_THE TASK_:
Go through the records and filter out every line lacking the word "transitivity"; copy the lines that remain.

[[ PROVIDED ENTRIES, beginning ]]

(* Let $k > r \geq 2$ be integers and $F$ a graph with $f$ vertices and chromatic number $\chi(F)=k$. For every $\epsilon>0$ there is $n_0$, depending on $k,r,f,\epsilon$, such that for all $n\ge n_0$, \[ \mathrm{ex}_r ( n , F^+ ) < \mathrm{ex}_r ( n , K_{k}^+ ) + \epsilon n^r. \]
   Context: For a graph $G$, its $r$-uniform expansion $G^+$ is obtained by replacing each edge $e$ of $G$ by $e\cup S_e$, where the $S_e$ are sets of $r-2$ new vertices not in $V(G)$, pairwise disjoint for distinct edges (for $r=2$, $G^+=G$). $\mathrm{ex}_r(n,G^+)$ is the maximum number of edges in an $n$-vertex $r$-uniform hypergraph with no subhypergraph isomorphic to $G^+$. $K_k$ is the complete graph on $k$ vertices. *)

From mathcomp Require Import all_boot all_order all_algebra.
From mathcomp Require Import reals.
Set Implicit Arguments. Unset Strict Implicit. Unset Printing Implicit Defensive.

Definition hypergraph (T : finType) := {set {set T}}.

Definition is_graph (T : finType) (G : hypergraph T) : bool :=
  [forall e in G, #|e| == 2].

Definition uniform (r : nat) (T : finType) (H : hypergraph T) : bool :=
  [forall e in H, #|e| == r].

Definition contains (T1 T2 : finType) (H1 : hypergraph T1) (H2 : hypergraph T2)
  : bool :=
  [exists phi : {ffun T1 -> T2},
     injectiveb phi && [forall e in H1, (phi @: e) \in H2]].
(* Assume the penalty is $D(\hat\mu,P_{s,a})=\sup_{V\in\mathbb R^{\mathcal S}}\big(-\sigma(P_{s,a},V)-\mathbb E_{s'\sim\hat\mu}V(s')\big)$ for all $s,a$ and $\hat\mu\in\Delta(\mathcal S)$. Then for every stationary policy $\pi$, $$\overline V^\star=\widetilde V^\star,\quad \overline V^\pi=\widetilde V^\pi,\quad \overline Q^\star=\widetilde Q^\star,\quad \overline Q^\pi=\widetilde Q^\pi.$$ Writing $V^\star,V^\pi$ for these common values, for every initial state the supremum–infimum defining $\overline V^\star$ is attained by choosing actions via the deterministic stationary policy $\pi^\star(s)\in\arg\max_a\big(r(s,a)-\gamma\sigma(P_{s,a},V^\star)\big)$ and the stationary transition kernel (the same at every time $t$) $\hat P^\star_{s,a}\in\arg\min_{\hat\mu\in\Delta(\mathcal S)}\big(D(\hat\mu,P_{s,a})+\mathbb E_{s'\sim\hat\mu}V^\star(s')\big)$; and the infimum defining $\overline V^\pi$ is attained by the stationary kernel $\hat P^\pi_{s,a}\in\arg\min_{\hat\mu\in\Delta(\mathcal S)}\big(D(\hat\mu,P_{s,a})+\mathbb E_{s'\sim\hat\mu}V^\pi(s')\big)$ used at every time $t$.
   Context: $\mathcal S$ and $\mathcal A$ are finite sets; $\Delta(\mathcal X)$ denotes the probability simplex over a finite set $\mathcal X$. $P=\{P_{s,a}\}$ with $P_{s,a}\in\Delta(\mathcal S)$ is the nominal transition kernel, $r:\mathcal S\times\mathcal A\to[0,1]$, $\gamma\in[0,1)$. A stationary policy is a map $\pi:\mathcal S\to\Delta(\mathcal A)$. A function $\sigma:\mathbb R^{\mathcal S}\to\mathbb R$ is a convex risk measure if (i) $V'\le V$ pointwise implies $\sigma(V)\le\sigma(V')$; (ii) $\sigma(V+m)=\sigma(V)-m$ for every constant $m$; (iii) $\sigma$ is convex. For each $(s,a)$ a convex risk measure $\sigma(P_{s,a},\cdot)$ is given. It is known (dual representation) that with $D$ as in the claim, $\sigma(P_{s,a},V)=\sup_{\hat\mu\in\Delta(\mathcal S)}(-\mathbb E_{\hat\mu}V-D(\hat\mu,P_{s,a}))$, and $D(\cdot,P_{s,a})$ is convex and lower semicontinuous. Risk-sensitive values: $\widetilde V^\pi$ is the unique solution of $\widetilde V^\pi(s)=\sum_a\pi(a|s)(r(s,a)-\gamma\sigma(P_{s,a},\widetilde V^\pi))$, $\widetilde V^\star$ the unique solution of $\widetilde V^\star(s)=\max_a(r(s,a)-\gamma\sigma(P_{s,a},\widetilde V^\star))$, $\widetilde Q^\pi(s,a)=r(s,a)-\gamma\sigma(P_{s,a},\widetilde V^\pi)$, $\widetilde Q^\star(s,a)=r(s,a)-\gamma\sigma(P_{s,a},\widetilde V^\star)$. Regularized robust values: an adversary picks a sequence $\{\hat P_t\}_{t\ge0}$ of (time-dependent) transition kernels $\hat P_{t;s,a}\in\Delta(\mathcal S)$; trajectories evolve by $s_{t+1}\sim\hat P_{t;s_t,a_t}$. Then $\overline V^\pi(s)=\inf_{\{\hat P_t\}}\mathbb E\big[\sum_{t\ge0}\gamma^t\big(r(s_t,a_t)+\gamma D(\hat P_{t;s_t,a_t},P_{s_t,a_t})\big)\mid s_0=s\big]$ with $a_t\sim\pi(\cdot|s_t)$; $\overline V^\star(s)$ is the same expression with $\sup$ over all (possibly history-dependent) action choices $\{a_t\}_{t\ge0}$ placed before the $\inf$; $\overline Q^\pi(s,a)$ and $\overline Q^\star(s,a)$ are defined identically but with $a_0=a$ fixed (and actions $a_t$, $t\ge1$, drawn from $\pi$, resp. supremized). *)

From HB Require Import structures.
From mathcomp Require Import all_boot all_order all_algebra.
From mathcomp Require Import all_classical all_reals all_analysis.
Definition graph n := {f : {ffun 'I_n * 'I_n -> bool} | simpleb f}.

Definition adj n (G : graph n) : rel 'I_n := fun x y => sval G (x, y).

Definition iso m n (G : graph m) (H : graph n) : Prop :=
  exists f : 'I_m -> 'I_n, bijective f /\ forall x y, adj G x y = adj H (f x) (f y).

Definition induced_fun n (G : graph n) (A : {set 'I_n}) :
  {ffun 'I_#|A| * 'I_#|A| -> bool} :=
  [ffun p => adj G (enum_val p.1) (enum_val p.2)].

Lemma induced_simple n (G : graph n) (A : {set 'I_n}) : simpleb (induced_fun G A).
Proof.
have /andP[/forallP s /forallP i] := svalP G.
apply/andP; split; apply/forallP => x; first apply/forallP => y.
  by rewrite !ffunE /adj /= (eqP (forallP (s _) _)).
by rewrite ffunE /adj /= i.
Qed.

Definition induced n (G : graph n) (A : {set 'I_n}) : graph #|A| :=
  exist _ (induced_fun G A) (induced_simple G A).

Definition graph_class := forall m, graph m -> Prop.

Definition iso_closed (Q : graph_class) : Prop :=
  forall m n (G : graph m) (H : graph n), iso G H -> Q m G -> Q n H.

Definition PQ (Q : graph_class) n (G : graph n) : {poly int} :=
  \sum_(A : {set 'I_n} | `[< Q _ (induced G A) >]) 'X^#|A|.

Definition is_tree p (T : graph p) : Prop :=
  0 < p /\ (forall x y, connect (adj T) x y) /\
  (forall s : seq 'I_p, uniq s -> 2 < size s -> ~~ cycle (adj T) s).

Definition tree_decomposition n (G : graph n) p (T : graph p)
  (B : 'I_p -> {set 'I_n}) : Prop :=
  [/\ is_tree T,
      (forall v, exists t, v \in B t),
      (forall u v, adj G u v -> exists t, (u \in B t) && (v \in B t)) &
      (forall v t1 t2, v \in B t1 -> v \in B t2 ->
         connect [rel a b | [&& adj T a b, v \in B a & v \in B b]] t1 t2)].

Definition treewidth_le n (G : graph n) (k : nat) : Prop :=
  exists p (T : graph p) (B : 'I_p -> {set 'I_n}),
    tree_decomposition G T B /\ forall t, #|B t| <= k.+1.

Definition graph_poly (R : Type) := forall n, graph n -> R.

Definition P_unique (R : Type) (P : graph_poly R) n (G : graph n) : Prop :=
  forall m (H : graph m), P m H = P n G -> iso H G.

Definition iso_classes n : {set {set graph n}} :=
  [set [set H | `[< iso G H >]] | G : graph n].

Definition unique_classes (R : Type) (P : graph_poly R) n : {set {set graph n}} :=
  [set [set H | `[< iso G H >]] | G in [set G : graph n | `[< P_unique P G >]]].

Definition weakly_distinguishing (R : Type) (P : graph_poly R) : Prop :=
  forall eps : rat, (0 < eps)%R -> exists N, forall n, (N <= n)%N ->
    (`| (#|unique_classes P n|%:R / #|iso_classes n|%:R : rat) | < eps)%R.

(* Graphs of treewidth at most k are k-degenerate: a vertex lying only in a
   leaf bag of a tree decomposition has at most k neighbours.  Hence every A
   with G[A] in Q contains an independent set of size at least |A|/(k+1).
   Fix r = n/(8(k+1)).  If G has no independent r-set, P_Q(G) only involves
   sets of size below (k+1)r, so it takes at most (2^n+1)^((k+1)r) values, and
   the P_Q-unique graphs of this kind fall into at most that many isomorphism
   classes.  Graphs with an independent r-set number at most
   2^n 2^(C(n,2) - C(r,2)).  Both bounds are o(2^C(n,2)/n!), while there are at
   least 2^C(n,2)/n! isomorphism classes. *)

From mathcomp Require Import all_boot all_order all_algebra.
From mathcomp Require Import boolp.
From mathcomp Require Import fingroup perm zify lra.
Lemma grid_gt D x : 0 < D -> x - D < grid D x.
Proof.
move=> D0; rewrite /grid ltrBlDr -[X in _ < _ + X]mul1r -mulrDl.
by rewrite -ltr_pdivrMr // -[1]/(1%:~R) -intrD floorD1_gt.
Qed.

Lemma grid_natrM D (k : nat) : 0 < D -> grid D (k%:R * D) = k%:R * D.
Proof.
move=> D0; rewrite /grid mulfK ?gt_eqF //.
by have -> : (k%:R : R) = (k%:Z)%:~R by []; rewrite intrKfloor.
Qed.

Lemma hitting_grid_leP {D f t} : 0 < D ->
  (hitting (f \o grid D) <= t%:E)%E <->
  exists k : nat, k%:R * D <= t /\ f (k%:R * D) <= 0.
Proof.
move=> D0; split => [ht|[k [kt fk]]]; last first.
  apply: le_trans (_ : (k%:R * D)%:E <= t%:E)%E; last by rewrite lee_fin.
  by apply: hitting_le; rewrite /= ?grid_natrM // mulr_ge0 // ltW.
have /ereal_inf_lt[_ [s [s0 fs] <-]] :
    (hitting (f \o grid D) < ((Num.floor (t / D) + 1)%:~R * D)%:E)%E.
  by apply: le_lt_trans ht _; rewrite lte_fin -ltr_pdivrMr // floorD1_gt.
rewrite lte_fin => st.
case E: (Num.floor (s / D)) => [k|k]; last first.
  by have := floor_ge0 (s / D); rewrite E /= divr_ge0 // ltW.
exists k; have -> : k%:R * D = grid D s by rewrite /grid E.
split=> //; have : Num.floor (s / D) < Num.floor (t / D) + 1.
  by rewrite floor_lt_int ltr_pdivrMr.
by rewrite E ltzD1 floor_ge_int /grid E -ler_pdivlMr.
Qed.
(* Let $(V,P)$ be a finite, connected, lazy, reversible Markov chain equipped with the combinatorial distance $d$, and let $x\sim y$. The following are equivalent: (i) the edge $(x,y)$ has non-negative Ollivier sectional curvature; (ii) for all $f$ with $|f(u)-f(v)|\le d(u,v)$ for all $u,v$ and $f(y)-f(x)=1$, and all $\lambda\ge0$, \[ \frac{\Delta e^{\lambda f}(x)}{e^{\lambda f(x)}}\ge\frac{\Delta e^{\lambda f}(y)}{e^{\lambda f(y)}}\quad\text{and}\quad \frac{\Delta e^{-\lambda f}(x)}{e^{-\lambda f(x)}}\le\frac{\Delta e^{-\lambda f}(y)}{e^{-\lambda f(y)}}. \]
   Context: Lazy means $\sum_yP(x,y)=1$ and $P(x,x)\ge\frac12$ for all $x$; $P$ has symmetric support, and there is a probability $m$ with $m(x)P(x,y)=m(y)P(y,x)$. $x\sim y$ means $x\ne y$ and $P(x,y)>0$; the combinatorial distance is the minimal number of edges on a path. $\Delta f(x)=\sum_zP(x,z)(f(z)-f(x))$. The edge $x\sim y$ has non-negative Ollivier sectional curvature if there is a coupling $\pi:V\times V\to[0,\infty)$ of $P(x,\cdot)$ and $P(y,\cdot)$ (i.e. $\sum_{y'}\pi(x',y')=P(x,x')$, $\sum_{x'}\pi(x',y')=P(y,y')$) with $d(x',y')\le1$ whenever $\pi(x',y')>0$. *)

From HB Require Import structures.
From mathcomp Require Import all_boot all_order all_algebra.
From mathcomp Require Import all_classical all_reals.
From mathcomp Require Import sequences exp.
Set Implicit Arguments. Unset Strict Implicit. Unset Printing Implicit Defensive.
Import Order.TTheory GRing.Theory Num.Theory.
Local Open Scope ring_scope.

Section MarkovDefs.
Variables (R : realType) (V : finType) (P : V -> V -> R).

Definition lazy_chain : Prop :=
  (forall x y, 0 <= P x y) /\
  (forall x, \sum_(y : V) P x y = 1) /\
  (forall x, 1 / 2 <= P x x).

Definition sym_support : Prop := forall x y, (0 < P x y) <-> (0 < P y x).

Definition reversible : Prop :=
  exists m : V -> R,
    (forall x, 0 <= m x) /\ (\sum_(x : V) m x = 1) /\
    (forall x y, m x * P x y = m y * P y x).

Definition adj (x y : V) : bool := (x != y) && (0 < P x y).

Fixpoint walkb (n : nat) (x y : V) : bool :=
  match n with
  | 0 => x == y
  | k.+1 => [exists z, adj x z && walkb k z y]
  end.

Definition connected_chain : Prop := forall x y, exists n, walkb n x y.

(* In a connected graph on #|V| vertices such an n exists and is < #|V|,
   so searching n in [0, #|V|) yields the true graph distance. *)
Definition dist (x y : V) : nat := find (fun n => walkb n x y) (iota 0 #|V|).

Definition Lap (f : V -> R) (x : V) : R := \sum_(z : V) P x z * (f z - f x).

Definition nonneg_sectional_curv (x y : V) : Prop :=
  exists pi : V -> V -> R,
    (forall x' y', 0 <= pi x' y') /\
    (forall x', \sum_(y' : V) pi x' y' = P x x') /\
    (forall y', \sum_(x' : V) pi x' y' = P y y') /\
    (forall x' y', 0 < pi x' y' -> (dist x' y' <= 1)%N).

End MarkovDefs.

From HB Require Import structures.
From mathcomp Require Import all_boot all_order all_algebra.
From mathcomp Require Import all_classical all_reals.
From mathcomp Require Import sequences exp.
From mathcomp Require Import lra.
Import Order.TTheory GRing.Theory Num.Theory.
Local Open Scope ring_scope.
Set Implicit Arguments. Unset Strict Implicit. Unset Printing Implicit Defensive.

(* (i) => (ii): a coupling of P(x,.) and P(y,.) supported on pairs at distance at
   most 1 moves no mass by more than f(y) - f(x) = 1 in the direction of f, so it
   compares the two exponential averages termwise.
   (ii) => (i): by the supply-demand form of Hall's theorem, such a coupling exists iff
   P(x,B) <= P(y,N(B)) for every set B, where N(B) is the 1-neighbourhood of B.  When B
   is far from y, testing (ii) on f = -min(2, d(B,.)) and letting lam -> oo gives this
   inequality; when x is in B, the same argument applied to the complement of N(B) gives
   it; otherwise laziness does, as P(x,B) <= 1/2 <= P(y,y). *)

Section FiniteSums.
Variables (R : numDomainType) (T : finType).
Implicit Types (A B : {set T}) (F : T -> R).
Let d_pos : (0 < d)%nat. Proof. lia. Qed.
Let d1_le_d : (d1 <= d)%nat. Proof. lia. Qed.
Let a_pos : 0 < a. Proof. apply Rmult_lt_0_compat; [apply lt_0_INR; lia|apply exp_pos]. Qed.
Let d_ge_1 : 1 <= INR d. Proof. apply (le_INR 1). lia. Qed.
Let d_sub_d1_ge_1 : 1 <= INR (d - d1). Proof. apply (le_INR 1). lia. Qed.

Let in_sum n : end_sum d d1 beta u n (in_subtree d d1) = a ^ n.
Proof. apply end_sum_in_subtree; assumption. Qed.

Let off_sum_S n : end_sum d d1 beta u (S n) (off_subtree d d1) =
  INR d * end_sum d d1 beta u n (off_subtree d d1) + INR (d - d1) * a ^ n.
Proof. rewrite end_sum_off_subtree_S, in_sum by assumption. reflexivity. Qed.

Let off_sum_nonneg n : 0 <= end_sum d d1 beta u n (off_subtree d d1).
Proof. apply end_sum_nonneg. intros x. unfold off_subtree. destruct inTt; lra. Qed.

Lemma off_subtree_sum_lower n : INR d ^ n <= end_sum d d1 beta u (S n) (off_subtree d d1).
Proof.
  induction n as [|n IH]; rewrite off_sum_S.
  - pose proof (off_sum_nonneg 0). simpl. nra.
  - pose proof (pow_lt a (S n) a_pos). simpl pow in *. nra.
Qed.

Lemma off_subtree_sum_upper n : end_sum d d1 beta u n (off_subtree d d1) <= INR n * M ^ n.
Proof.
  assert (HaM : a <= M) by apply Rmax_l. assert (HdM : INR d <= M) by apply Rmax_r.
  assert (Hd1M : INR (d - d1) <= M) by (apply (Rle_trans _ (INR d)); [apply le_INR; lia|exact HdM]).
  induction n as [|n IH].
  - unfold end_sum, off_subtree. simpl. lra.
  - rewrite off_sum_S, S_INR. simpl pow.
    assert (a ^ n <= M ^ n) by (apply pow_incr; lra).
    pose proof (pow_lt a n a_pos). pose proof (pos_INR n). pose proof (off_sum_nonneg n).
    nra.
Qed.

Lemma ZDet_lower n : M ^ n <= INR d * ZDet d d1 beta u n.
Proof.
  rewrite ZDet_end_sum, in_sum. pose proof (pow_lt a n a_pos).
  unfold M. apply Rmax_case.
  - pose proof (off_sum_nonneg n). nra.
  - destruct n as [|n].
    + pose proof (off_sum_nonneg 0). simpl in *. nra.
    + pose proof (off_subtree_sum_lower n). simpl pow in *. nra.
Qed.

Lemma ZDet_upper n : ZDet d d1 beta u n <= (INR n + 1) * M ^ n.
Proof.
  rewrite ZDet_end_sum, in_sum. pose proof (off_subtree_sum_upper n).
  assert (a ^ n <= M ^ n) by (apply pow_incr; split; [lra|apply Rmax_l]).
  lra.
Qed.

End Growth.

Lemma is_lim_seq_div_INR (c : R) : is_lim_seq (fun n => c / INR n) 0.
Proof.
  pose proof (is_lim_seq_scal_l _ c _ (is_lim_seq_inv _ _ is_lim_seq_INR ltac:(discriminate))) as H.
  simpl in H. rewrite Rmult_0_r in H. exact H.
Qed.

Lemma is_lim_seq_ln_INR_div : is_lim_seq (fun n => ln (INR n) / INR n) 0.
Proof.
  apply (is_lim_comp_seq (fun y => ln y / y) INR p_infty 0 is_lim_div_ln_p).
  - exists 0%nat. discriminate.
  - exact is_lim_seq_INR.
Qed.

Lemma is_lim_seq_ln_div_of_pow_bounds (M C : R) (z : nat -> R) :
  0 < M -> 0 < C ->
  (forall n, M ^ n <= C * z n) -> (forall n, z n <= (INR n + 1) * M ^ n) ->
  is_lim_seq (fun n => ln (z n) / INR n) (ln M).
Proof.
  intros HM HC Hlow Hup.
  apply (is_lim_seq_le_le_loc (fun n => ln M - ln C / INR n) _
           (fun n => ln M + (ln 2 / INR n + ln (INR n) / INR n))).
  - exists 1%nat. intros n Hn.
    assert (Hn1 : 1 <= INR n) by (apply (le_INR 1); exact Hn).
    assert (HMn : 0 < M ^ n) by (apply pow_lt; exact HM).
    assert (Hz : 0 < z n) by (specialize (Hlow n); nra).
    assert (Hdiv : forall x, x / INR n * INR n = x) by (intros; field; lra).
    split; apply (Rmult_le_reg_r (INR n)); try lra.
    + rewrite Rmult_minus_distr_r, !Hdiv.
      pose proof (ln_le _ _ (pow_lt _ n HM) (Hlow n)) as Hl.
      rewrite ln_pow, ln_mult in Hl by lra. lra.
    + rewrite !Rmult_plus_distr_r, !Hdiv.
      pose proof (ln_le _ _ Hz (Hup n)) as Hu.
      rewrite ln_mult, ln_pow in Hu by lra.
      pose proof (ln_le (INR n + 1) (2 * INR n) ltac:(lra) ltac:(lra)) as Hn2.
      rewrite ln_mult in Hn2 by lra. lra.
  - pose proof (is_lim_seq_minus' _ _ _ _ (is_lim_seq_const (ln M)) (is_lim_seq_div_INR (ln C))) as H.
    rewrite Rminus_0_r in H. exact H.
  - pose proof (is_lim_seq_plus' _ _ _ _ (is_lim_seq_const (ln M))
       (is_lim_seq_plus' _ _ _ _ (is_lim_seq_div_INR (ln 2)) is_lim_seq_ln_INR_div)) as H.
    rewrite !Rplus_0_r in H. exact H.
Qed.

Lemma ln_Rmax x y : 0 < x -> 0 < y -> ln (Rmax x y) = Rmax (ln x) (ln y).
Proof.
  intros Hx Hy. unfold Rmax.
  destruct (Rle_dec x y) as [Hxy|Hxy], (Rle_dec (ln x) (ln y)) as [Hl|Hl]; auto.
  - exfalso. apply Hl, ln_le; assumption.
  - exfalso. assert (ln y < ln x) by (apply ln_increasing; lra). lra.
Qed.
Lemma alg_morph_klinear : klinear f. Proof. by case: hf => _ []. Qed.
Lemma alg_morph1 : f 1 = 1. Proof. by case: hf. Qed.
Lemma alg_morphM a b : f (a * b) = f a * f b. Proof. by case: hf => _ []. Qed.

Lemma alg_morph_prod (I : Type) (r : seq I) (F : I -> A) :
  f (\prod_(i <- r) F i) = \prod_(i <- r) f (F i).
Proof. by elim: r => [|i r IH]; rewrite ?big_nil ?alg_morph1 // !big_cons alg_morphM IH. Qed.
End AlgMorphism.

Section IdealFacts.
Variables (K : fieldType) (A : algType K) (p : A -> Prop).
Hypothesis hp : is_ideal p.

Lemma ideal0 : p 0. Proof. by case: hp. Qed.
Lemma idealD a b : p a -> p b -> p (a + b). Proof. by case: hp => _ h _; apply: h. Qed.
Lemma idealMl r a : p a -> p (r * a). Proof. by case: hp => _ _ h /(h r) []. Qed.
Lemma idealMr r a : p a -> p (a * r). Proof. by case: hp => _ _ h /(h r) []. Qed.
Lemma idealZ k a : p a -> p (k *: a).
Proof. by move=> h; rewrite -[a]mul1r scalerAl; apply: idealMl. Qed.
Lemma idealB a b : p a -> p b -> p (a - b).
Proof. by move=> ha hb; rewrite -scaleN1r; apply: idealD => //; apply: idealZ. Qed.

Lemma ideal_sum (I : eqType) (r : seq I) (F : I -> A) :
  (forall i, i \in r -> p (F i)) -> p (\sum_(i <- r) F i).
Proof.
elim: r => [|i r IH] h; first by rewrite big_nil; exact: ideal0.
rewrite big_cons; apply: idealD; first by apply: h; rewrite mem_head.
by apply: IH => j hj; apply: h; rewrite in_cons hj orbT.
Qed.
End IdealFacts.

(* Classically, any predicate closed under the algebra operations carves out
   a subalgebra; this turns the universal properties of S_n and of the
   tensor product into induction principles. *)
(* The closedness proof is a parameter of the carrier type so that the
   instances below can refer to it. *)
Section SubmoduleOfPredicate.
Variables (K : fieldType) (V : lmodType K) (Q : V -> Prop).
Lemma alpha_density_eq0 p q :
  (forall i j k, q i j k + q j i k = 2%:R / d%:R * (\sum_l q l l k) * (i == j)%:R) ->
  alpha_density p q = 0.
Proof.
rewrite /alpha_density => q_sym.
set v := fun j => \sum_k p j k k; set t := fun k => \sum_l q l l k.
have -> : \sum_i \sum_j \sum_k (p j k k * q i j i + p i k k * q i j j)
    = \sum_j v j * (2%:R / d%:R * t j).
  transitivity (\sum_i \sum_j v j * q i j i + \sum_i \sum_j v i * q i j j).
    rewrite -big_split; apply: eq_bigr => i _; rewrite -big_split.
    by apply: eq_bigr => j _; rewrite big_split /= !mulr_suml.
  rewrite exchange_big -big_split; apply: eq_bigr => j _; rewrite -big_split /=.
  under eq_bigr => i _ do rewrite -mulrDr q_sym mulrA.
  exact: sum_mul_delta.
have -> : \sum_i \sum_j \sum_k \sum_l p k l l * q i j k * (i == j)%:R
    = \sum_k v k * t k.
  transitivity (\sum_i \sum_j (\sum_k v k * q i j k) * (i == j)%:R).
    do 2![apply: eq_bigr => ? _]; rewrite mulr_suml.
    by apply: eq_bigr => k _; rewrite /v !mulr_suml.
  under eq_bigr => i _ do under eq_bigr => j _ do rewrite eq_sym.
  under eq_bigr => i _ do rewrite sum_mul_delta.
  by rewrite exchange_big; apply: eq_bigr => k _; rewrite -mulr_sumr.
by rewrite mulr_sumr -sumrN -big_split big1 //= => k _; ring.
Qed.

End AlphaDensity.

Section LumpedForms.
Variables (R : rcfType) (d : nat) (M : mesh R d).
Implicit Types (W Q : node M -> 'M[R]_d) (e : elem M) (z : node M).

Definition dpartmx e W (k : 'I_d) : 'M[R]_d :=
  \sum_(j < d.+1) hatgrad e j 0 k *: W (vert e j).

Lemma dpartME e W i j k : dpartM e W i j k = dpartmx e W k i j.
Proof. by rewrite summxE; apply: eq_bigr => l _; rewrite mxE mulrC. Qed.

[[ PROVIDED ENTRIES, end ]]

_EXPECTED OUTPUT_:
  transitivity (\sum_i \sum_j v j * q i j i + \sum_i \sum_j v i * q i j j).
  transitivity (\sum_i \sum_j (\sum_k v k * q i j k) * (i == j)%:R).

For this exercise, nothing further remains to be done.